Problem to work on: Where in the data does the word "PNode" appear? Find those lines and copy them.

Start of Data supplied

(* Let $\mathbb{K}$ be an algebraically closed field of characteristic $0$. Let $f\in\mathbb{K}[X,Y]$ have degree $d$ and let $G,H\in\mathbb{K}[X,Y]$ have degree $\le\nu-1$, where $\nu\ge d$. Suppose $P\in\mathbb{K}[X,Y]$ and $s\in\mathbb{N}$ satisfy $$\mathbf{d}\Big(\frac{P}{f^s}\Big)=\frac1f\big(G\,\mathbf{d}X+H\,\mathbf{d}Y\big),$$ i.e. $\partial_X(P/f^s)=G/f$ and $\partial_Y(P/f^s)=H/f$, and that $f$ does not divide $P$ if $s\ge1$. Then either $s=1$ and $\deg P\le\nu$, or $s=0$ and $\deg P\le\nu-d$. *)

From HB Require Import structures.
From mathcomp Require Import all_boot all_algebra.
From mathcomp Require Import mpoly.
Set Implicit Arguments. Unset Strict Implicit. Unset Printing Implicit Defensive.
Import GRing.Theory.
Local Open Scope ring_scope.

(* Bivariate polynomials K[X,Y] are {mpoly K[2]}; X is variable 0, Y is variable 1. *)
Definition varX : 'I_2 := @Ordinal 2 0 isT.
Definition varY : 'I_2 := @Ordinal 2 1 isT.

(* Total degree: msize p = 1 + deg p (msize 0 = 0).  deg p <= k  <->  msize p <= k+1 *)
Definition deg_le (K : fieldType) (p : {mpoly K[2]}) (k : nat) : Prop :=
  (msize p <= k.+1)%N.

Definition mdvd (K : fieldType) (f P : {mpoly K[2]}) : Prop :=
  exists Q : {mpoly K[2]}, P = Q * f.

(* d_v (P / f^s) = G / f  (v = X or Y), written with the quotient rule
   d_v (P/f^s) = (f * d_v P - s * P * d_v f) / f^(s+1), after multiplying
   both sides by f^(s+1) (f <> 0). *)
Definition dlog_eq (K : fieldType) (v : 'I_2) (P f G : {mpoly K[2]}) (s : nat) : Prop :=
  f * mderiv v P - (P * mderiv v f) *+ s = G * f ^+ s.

End of Data supplied
Start of Data supplied

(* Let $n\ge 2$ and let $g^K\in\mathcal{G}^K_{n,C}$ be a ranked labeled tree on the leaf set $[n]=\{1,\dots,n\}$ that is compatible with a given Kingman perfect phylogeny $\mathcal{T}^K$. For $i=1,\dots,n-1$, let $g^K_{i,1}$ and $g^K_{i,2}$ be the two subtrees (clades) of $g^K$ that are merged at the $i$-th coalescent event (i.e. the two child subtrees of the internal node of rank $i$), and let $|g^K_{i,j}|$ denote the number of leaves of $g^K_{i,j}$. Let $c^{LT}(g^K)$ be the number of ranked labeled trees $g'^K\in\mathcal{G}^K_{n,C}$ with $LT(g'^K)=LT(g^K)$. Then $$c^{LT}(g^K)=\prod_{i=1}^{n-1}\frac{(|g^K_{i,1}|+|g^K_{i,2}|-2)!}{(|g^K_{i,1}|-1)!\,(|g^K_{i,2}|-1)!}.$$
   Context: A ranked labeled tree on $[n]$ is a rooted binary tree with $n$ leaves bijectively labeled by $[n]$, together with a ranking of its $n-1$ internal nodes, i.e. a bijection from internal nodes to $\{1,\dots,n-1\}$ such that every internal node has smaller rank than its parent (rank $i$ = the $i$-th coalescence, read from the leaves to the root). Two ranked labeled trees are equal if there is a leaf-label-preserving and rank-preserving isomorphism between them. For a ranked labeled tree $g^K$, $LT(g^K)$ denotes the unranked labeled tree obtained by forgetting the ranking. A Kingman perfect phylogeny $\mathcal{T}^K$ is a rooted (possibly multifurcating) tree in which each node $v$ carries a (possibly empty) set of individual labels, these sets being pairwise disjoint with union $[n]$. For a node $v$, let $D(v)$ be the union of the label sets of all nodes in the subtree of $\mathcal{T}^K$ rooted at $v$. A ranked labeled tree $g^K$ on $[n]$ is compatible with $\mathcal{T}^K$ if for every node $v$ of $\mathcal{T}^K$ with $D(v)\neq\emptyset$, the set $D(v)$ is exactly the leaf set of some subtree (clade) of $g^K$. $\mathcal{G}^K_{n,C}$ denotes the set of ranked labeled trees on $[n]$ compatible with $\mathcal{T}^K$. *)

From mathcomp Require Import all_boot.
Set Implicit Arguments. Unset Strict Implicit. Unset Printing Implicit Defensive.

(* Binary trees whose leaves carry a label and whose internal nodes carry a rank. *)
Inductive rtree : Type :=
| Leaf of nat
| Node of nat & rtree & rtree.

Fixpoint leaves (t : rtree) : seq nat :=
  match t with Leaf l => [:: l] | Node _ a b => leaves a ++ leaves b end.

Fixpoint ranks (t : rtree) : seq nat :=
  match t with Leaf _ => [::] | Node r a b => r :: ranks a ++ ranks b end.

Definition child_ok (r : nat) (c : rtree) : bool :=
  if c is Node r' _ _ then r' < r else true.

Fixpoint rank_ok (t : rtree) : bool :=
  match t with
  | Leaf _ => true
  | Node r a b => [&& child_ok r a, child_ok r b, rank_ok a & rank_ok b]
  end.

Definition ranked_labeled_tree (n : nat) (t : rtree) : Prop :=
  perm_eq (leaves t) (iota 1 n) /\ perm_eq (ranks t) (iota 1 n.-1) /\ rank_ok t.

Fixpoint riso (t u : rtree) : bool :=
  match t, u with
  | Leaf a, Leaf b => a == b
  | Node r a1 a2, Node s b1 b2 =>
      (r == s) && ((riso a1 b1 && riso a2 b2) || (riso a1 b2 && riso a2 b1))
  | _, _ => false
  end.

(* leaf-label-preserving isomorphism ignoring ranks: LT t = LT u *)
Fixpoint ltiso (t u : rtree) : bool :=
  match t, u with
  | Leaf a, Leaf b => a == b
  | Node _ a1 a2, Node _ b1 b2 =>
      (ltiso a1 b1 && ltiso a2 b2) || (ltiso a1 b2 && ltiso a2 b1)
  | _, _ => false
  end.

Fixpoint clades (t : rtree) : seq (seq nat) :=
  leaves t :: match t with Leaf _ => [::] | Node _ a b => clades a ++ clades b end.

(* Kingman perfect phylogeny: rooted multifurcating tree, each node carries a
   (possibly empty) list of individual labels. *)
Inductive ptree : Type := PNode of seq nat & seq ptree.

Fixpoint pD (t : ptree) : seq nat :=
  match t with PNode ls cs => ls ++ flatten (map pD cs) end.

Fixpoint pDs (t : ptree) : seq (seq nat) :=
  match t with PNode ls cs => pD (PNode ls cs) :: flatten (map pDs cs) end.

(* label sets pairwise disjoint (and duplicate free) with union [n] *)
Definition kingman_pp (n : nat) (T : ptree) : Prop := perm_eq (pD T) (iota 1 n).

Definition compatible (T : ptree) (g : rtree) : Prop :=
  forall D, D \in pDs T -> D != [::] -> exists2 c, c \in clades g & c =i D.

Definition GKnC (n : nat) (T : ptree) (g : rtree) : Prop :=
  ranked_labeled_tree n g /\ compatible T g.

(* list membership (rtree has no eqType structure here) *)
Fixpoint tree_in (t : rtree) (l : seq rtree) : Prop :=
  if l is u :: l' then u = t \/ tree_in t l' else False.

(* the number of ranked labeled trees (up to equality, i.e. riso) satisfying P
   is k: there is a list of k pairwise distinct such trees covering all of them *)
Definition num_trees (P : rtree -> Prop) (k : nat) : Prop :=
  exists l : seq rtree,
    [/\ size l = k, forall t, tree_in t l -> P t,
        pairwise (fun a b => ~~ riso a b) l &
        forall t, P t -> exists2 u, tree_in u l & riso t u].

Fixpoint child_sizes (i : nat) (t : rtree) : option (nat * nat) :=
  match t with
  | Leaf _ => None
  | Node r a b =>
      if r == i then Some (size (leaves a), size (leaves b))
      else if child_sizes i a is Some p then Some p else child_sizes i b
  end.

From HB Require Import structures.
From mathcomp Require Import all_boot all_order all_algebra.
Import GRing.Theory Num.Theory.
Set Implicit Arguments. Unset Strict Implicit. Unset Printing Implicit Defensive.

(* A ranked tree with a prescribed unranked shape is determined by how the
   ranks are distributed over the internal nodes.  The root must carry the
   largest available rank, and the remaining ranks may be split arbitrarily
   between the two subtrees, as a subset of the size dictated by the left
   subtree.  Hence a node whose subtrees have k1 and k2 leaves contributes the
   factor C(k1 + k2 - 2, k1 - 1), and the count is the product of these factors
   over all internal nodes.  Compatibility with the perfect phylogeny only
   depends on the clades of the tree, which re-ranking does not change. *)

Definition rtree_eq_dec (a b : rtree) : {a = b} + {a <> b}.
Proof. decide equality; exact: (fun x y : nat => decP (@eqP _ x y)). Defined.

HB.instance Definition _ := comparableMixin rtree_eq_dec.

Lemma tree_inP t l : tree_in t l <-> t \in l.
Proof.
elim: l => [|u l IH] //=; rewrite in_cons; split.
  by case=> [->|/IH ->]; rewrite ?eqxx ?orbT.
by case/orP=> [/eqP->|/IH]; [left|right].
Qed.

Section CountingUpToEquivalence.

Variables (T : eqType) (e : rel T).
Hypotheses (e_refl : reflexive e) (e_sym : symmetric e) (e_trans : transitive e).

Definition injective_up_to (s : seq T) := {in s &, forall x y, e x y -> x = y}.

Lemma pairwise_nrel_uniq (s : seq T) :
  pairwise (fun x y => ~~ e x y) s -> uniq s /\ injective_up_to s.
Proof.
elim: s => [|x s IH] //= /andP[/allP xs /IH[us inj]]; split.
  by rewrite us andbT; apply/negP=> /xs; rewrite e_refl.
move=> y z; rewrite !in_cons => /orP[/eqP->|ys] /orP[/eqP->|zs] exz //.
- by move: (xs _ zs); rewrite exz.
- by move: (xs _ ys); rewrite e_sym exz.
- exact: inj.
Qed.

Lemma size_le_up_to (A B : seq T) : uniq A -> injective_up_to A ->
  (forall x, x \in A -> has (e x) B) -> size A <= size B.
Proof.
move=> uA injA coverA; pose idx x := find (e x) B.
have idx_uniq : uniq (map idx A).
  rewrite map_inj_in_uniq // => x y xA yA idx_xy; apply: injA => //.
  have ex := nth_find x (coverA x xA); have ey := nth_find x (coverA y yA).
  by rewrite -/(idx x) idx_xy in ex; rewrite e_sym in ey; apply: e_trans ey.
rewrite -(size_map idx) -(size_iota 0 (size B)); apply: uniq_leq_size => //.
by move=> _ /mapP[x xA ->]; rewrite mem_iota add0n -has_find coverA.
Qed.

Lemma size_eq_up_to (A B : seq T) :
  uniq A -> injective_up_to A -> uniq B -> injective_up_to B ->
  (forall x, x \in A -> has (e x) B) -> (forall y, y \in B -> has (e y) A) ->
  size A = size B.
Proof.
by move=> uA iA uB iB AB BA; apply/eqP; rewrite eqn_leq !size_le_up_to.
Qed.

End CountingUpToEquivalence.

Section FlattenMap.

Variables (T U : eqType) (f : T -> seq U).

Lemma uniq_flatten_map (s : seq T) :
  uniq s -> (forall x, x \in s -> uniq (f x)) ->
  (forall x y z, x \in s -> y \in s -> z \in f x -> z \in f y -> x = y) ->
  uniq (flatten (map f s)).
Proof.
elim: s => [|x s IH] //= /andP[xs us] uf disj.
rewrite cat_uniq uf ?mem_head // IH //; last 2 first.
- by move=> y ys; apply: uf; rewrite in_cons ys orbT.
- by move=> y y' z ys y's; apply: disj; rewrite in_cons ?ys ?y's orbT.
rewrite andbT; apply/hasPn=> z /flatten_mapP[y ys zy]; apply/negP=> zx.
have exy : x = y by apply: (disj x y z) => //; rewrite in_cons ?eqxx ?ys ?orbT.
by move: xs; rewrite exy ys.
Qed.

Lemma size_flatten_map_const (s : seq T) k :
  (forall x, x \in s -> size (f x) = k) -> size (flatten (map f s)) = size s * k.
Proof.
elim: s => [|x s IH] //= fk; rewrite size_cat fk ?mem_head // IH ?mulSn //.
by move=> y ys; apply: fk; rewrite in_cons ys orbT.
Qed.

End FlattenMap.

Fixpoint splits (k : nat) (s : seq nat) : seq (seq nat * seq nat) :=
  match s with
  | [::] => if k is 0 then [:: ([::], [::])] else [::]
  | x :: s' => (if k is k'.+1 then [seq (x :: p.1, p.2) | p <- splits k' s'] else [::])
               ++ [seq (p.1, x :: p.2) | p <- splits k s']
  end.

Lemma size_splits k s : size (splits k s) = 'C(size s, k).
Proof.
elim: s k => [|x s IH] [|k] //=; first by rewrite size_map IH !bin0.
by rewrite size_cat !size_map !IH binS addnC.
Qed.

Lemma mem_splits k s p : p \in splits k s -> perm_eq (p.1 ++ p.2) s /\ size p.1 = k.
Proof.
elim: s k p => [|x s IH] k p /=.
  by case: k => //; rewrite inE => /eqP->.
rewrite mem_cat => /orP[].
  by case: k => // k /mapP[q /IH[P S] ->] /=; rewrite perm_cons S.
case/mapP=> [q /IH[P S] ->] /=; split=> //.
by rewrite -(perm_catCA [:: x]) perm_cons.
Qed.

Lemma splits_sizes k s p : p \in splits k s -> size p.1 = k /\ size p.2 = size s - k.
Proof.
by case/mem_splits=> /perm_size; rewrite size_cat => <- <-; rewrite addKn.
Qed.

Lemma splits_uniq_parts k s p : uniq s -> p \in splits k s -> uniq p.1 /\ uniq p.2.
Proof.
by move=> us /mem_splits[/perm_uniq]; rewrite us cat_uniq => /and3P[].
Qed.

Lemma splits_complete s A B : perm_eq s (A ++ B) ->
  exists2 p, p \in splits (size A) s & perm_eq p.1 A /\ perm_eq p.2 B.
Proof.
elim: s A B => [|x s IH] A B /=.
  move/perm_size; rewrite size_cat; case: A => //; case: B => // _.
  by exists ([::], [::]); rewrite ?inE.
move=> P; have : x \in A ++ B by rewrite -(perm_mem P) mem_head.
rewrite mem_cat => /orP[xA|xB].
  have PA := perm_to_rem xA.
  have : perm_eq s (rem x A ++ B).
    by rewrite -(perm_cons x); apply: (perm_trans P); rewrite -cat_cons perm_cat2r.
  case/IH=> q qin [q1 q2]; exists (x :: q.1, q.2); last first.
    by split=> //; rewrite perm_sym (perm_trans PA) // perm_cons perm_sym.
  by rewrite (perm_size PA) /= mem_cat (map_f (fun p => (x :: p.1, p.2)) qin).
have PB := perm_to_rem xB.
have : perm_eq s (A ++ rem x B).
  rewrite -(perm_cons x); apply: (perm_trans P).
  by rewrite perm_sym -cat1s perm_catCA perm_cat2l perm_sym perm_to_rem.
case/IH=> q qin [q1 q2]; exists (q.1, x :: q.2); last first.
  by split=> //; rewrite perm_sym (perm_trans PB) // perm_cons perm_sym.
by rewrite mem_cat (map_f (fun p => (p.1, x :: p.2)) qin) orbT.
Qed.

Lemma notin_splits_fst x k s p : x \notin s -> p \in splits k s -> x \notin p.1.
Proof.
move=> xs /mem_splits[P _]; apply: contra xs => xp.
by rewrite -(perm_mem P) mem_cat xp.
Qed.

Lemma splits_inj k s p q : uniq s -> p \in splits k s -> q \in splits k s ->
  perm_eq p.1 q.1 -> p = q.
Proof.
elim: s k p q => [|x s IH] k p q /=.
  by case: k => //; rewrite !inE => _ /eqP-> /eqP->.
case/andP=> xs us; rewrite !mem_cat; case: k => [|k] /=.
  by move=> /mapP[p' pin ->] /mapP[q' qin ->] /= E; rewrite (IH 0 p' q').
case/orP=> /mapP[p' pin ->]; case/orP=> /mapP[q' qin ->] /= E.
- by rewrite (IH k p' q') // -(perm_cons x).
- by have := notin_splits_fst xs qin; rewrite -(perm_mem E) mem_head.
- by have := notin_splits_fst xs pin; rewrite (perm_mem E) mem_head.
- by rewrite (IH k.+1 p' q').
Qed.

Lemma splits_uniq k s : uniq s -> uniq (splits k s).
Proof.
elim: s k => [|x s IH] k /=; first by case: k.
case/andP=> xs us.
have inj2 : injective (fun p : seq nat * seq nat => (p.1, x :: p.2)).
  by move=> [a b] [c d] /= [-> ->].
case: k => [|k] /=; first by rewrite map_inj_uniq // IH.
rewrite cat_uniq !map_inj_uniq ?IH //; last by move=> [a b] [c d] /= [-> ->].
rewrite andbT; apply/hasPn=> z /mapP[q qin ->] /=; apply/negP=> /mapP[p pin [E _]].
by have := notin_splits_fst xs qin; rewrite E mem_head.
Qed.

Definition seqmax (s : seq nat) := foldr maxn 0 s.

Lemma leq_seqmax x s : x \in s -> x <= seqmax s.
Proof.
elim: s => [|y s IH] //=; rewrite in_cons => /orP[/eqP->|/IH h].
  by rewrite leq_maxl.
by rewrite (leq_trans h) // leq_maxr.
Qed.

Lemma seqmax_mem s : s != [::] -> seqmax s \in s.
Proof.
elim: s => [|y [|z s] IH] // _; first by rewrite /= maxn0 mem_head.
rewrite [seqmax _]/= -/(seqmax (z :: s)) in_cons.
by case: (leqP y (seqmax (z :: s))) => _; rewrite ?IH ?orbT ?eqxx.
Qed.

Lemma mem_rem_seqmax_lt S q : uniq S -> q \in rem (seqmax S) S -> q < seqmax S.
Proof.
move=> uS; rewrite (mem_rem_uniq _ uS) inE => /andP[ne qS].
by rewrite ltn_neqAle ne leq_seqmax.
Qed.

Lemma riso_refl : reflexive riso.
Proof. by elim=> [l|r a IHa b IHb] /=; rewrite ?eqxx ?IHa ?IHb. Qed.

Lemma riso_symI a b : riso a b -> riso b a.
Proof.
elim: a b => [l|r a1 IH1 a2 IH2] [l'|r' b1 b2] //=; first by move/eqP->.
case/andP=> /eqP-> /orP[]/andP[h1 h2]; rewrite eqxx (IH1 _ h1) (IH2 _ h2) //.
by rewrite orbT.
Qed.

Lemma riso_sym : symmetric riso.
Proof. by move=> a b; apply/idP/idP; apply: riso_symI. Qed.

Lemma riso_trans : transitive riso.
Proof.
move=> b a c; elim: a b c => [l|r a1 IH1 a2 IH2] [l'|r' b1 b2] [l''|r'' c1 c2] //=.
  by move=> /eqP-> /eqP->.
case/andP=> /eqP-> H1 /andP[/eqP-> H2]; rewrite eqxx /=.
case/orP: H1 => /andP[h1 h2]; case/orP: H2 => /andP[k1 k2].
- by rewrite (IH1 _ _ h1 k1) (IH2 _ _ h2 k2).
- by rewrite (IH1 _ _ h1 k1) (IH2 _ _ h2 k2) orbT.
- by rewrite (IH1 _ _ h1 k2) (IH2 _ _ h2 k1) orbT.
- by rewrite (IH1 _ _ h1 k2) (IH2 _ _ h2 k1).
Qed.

End of Data supplied

Finished task:
Inductive ptree : Type := PNode of seq nat & seq ptree.
  match t with PNode ls cs => ls ++ flatten (map pD cs) end.
  match t with PNode ls cs => pD (PNode ls cs) :: flatten (map pDs cs) end.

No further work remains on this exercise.